Closed jayaddison closed 4 months ago

jayaddison commented 4 months ago

Status

Screenshots

image

Related

Resolves #156.

sde1000 commented 4 months ago

You may find it easier to use the pillow library to load the image, convert it to black+white if necessary, and then access the raw data. It's already a dependency of quicktill (transitively via reportlab) so it's guaranteed to be available on till installations.

jayaddison commented 4 months ago

You may find it easier to use the pillow library to load the image, convert it to black+white if necessary, and then access the raw data. It's already a dependency of quicktill (transitively via reportlab) so it's guaranteed to be available on till installations.

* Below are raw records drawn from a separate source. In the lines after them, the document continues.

Theorem theorem2 (Sigma : Type) (Sigma_finite : exists l : list Sigma, forall s, List.In s l)
  (uc r : Sigma -> Prop) (G R : automaton Sigma)
  (HG : is_automaton G) (HR : is_automaton R) :
  (exists S : automaton Sigma, SPR uc r G R S) ->
  MSPR uc r G R (A_of G R (E_up uc r G R)).
Proof.
  intros [S [[y0 Hy0] [Hadm [Phi [Hsim Hback]]]]].
  assert (HE : post_fixpoint uc r (E_up uc r G R)) by apply E_up_post_fixpoint.
  split; [split; [| split] |].
  - destruct (A_of_init_exists (W_of_in_E_up uc r Hsim Hadm Hback y0)
                                 (W_of_init_cover Hsim Hy0)) as [Q0 [HQ0 _]].
    exists Q0. exact HQ0.
  - exact (A_of_admissible uc r HE).
  - eexists. exact (A_of_cc_simulation uc r HE).
  - intros S' [_ [Hadm' [Phi' [Hsim' Hback']]]].
    apply A_of_simulates with Phi'; [exact Hsim' |].
    exact (W_of_in_E_up uc r Hsim' Hadm' Hback').
Qed.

Ach, I knew I should've checked more thorougly, or remembered that from dabbling with reportlab!

Would you prefer that approach, and if so, any thoughts on whether storing the logo in the DB makes sense, or is a filename reference OK? (it was finding the contents of a .css file in the config table that made me figure that DB-loading the contents might make sense)

sde1000 commented 4 months ago

I think storing the data as a config option in the database makes perfect sense. A shame it has to be base64 encoded, but that's on me for not having a binary config type! Something to note for the future.

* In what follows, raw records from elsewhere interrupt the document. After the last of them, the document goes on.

(* Suppose a resolvable Steiner system $S(n,k-1,2)$ exists, and let $H_1,\ldots,H_t$ be graphs each of order less than $k$, where $t\le (n-1)/(k-2)$. Then $f(H_1,\ldots,H_t)\le n$.
   Context: All graphs are finite and simple; the order of a graph is its number of vertices. A graph $G$ is $(H_1,\ldots,H_t)$-full if every vertex of $G$ belongs to an induced subgraph of $G$ isomorphic to $H_i$, for each $i$. $f(H_1,\ldots,H_t)$ denotes the minimum order of an $(H_1,\ldots,H_t)$-full graph. A Steiner system $S(n,k-1,2)$ is a $(k-1)$-uniform hypergraph on $n$ vertices in which every pair of vertices lies in exactly one edge; it is resolvable if its edge set can be partitioned into perfect matchings (sets of pairwise disjoint edges whose union is the whole vertex set). *)

From mathcomp Require Import all_boot.
Unset Printing Implicit Defensive.

Record sgraph := SGraph {
  sg_order : nat;
  sg_adj : rel 'I_sg_order;
  sg_sym : symmetric sg_adj;
  sg_irr : irreflexive sg_adj }.

Definition induced_emb (H G : sgraph) (f : 'I_(sg_order H) -> 'I_(sg_order G)) : Prop :=
  injective f /\ forall i j, sg_adj G (f i) (f j) = sg_adj H i j.

Definition in_induced_copy (G H : sgraph) (v : 'I_(sg_order G)) : Prop :=
  exists f, induced_emb H G f /\ exists i, f i = v.

Definition full (G : sgraph) (t : nat) (Hs : 'I_t -> sgraph) : Prop :=
  forall (v : 'I_(sg_order G)) (i : 'I_t), in_induced_copy G (Hs i) v.

Definition is_f (t : nat) (Hs : 'I_t -> sgraph) (m : nat) : Prop :=
  (exists G, full G t Hs /\ 0 < sg_order G /\ sg_order G = m) /\
  (forall G, full G t Hs -> 0 < sg_order G -> m <= sg_order G).

Definition steiner_system (n r : nat) (B : {set {set 'I_n}}) : Prop :=
  (forall b, b \in B -> #|b| = r) /\
  (forall x y : 'I_n, x != y -> #|[set b in B | (x \in b) && (y \in b)]| = 1).

Definition resolvable (n : nat) (B : {set {set 'I_n}}) : Prop :=
  exists P : {set {set {set 'I_n}}},
    partition P B /\
    (forall C, C \in P -> trivIset C /\ cover C = [set: 'I_n]).

(** Give each graph [H_i] its own parallel class [C_i] of the resolution
   (there are [(n-1)/(k-2)] classes, as many as blocks through a point) and
   draw a copy of [H_i] on every block of [C_i], a block of [k-1] points being
   mapped onto the vertices of [H_i] by position modulo [|H_i|].  Two points
   lie in exactly one block, which lies in exactly one class, so these copies
   glue into a graph on the [n] points; each point lies in a block of every
   class, and the copy of [H_i] on that block can be chosen through it. *)

From mathcomp Require Import all_boot zify boolp.

Lemma is_f_leq_order t (Hs : 'I_t -> sgraph) (G : sgraph) :
  full G t Hs -> 0 < sg_order G -> exists m, is_f t Hs m /\ m <= sg_order G.
Proof.
move=> fullG G_gt0.
pose has_full_graph m := exists G, full G t Hs /\ 0 < sg_order G /\ sg_order G = m.
have [|m /asboolP fm minm] := @ex_minnP (fun m => `[< has_full_graph m >]).
  by exists (sg_order G); apply/asboolP; exists G.
exists m; split; last by apply: minm; apply/asboolP; exists G.
by split=> // G' fullG' G'_gt0; apply: minm; apply/asboolP; exists G'.
Qed.

Lemma card_bigcup_leq {I T : finType} (P : pred I) (F : I -> {set T}) :
  #|\bigcup_(i | P i) F i| <= \sum_(i | P i) #|F i|.
Proof.
elim/big_ind2: _ => [|m1 A1 m2 A2 le1 le2|//]; first by rewrite cards0.
exact: leq_trans (leq_card_setU A1 A2).1 (leq_add le1 le2).
Qed.

Definition pencil {n} (B : {set {set 'I_n}}) (x : 'I_n) : {set {set 'I_n}} :=
  [set b in B | x \in b].

Section SteinerSystem.

Context {n r : nat} {B : {set {set 'I_n}}}.
Hypothesis steinerB : steiner_system n r B.

Lemma steiner_block_through x y :
  x != y -> exists b, [set b in B | (x \in b) && (y \in b)] = [set b].
Proof. by move=> neq_xy; apply/cards1P/eqP; rewrite steinerB.2. Qed.

Lemma steiner_block_uniq {x y b b'} :
  x != y -> b \in B -> b' \in B -> x \in b -> y \in b -> x \in b' -> y \in b' ->
  b = b'.
Proof.
move=> /steiner_block_through[b0 Exy] bB b'B xb yb xb' yb'.
have : b \in [set b0] by rewrite -Exy inE bB xb yb.
have : b' \in [set b0] by rewrite -Exy inE b'B xb' yb'.
by rewrite !inE => /eqP-> /eqP->.
Qed.

Lemma steiner_pencil_card x : n.-1 <= #|pencil B x| * r.-1.
Proof.
have notx_sub : [set~ x] \subset \bigcup_(b in pencil B x) (b :\ x).
  apply/subsetP=> y; rewrite !inE => neq_yx.
  have /steiner_block_through[b Exy] : x != y by rewrite eq_sym.
  have : b \in [set b] by rewrite inE.
  rewrite -Exy inE => /and3P[bB xb yb].
  by apply/bigcupP; exists b; rewrite !inE ?neq_yx ?bB ?xb ?yb.
have card_bx b : b \in pencil B x -> #|b :\ x| = r.-1.
  by rewrite inE => /andP[bB xb]; move: (cardsD1 x b); rewrite xb (steinerB.1 b bB) => ->.
have -> : #|pencil B x| * r.-1 = \sum_(b in pencil B x) #|b :\ x|.
  by rewrite (eq_bigr _ card_bx) sum_nat_const.
rewrite -{1}(card_ord n) -(cardsC1 x).
exact: leq_trans (subset_leq_card notx_sub) (card_bigcup_leq _ _).
Qed.

End SteinerSystem.

Section Resolution.

Context {n r : nat} {B : {set {set 'I_n}}} {P : {set {set {set 'I_n}}}}.
Hypothesis steinerB : steiner_system n r B.
Hypothesis partP : partition P B.
Hypothesis classP : forall C, C \in P -> trivIset C /\ cover C = [set: 'I_n].

Lemma class_block_mem {C b} : C \in P -> b \in C -> b \in B.
Proof. by move=> CP bC; rewrite -(cover_partition partP); apply/bigcupP; exists C. Qed.

Lemma class_block_through C v : C \in P -> exists2 b, b \in C & v \in b.
Proof.
move=> /classP[_ coverC].
have /bigcupP[b bC vb] : v \in cover C by rewrite coverC inE.
by exists b.
Qed.

Lemma class_block_uniq {C b b' x} :
  C \in P -> b \in C -> b' \in C -> x \in b -> x \in b' -> b = b'.
Proof.
move=> /classP[trivC _] bC b'C xb xb'.
by rewrite -(def_pblock trivC bC xb) (def_pblock trivC b'C xb').
Qed.

Lemma block_class_uniq {C C' b} : C \in P -> C' \in P -> b \in C -> b \in C' -> C = C'.
Proof.
have trivP := partition_trivIset partP.
by move=> CP C'P bC bC'; rewrite -(def_pblock trivP CP bC) (def_pblock trivP C'P bC').
Qed.

Lemma pencil_card_leq x : #|pencil B x| <= #|P|.
Proof.
have in_pblock b : b \in B -> b \in pblock P b.
  by move=> bB; rewrite mem_pblock (cover_partition partP).
have pblock_in_P b : b \in B -> pblock P b \in P.
  by move=> bB; rewrite pblock_mem ?(cover_partition partP).
have inj_pblock : {in pencil B x &, injective (pblock P)}.
  move=> b b'; rewrite !inE => /andP[bB xb] /andP[b'B xb'] eqC.
  apply: (class_block_uniq (pblock_in_P b bB) (in_pblock b bB) _ xb xb').
  by rewrite eqC in_pblock.
rewrite -(card_in_imset inj_pblock); apply/subset_leq_card/subsetP=> C /imsetP[b].
by rewrite inE => /andP[bB _] ->; apply: pblock_in_P.
Qed.

Lemma class_family_block_uniq {I : Type} {c : I -> {set {set 'I_n}}} :
  injective c -> (forall i, c i \in P) ->
  forall i j b b' x y, x != y ->
  b \in c i -> b' \in c j -> x \in b -> y \in b -> x \in b' -> y \in b' ->
  i = j /\ b = b'.
Proof.
move=> c_inj cP i j b b' x y neq_xy bc b'c xb yb xb' yb'.
have eq_b : b = b' := steiner_block_uniq steinerB neq_xy
  (class_block_mem (cP i) bc) (class_block_mem (cP j) b'c) xb yb xb' yb'.
split=> //; apply/c_inj/(block_class_uniq (cP i) (cP j) bc).
by rewrite eq_b.
Qed.

Lemma resolution_card (x : 'I_n) : n.-1 <= #|P| * r.-1.
Proof.
exact: leq_trans (steiner_pencil_card steinerB x) (leq_mul (pencil_card_leq x) (leqnn _)).
Qed.

End Resolution.

Section IndexMod.

Context {T : finType} (b : {set T}) {m : nat} (m_gt0 : 0 < m).

Definition index_mod (x : T) : 'I_m := Ordinal (ltn_pmod (index x (enum b)) m_gt0).

Lemma index_mod_section v :
  m <= #|b| -> v \in b ->
  exists f : 'I_m -> T, [/\ forall a, f a \in b, cancel f index_mod & exists a, f a = v].
Proof.
move=> m_le_b vb; pose p := index v (enum b).
have a_lt_b (a : 'I_m) : a < size (enum b) by rewrite -cardE; apply: leq_trans m_le_b.
(* [v] may sit beyond position [m], so it takes the slot of its residue. *)
pose f (a : 'I_m) := if val a == p %% m then v else nth v (enum b) a.
exists f; split.
- by move=> a; rewrite /f; case: eqP => // _; rewrite -mem_enum mem_nth.
- move=> a; apply: val_inj; rewrite /f /=; case: eqP => [-> //|_].
  by rewrite index_uniq ?enum_uniq ?modn_small.
- by exists (Ordinal (ltn_pmod p m_gt0)); rewrite /f eqxx.
Qed.

End IndexMod.

Section Gluing.

Context {n t : nat} {Hs : 'I_t -> sgraph} {c : 'I_t -> {set {set 'I_n}}}.
Hypothesis Hs_gt0 : forall i, 0 < sg_order (Hs i).
Hypothesis c_large : forall {i b}, b \in c i -> sg_order (Hs i) <= #|b|.
Hypothesis c_cover : forall i v, exists2 b, b \in c i & v \in b.
Hypothesis c_uniq : forall {i j b b' x y}, x != y ->
  b \in c i -> b' \in c j -> x \in b -> y \in b -> x \in b' -> y \in b' ->
  i = j /\ b = b'.

Local Notation phi i b := (index_mod b (Hs_gt0 i)).

Definition glued_adj : rel 'I_n := fun x y =>
  [exists i, exists b, [&& b \in c i, x \in b, y \in b, x != y &
                          sg_adj (Hs i) (phi i b x) (phi i b y)]].

Lemma glued_adj_sym : symmetric glued_adj.
Proof.
suff adj_sym x y : glued_adj x y -> glued_adj y x by move=> x y; apply/idP/idP; apply: adj_sym.
case/existsP=> i /existsP[b /and5P[bc xb yb neq_xy adj_xy]].
apply/existsP; exists i; apply/existsP; exists b.
by rewrite bc xb yb eq_sym neq_xy sg_sym.
Qed.

Lemma glued_adj_irr : irreflexive glued_adj.
Proof. by move=> x; apply/existsP=> -[i /existsP[b]]; rewrite eqxx !andbF. Qed.

Definition glued_graph := @SGraph n glued_adj glued_adj_sym glued_adj_irr.

Lemma glued_adjE i b x y : b \in c i -> x \in b -> y \in b -> x != y ->
  glued_adj x y = sg_adj (Hs i) (phi i b x) (phi i b y).
Proof.
move=> bc xb yb neq_xy; apply/idP/idP; last first.
  by move=> adj_xy; apply/existsP; exists i; apply/existsP; exists b; rewrite bc xb yb neq_xy.
case/existsP=> j /existsP[b' /and5P[b'c xb' yb' _]].
by have [-> ->] := c_uniq neq_xy b'c bc xb' yb' xb yb.
Qed.

Lemma glued_graph_full : full glued_graph t Hs.
Proof.
move=> v i; have [b bc vb] := c_cover i v.
have [f [fb fK [a fa]]] := index_mod_section b (Hs_gt0 i) v (c_large bc) vb.
exists f; split; last by exists a.
split=> [|a1 a2]; first exact: can_inj fK.
have [<-|neq_a] := eqVneq a1 a2; first by rewrite !sg_irr.
have neq_f : f a1 != f a2 by apply: contra neq_a => /eqP/(can_inj fK)->.
by rewrite /= (glued_adjE i b) ?fb // !fK.
Qed.

End Gluing.

Theorem theorem2p2 (n k t : nat) (Hs : 'I_t -> sgraph) :
  3 <= k ->
  (exists B : {set {set 'I_n}}, steiner_system n (k - 1) B /\ resolvable n B) ->
  (forall i, 0 < sg_order (Hs i) < k) ->
  t * (k - 2) + 1 <= n ->
  exists m, is_f t Hs m /\ m <= n.
Proof.
move=> k_ge3 [B [steinerB [P [partP classP]]]] Hs_order tk_lt_n.
have n_gt0 : 0 < n by apply: leq_trans tk_lt_n; rewrite addn1.
have t_le_P : t <= #|P|.
  have := resolution_card steinerB partP classP (Ordinal n_gt0).
  have -> : (k - 1).-1 = k - 2 by lia.
  have k2_gt0 : 0 < k - 2 by rewrite subn_gt0.
  move=> le_P; rewrite -(leq_pmul2r k2_gt0); apply: leq_trans le_P.
  by rewrite -ltnS prednK // -addn1.
pose c i : {set {set 'I_n}} := enum_val (widen_ord t_le_P i).
have cP i : c i \in P := enum_valP _.
have c_inj : injective c by move=> i j /enum_val_inj/(congr1 val) eq_ij; apply: val_inj.
have Hs_gt0 i : 0 < sg_order (Hs i) by case/andP: (Hs_order i).
have c_large i b : b \in c i -> sg_order (Hs i) <= #|b|.
  move=> bc; rewrite (steinerB.1 b (class_block_mem partP (cP i) bc)).
  by case/andP: (Hs_order i) => _; lia.
have c_cover i v : exists2 b, b \in c i & v \in b.
  exact: class_block_through classP _ v (cP i).
have fullG := glued_graph_full Hs_gt0 c_large c_cover
  (class_family_block_uniq steinerB partP c_inj cP).
exact: is_f_leq_order fullG n_gt0.
Qed.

jayaddison commented 4 months ago

I think storing the data as a config option in the database makes perfect sense. A shame it has to be base64 encoded, but that's on me for not having a binary config type! Something to note for the future.

No problem - yep, the base64 encoding is something of a tradeoff. I'll leave the config/storage as-is for now.

jayaddison commented 4 months ago

Ok, getting there.. the centre-alignment (or lack of) for the logo is wonky, though:

image

sde1000 commented 4 months ago

It prints!

Not sure why it's only showing half the image. The TM-T20 has 576 dots per line so I'd expect a 512×512 image to fit.

PXL_20240507_105234978

jayaddison commented 4 months ago

Ok, that's progress, of a sort :)

Is the black printed region near the left of your photo (outside of the circle) visible when viewing the input image?

A mini todo-list of issues:

sde1000 commented 4 months ago

I think points 1 and 3 are to do with the print mode — you're using mode 0, for "8-dot single-density", which makes the printer double each pixel horizontally and triple it vertically. Mode 33, "24-dot double-density" should give more sensible results, but you'll need to work in groups of 24 rows instead of 8.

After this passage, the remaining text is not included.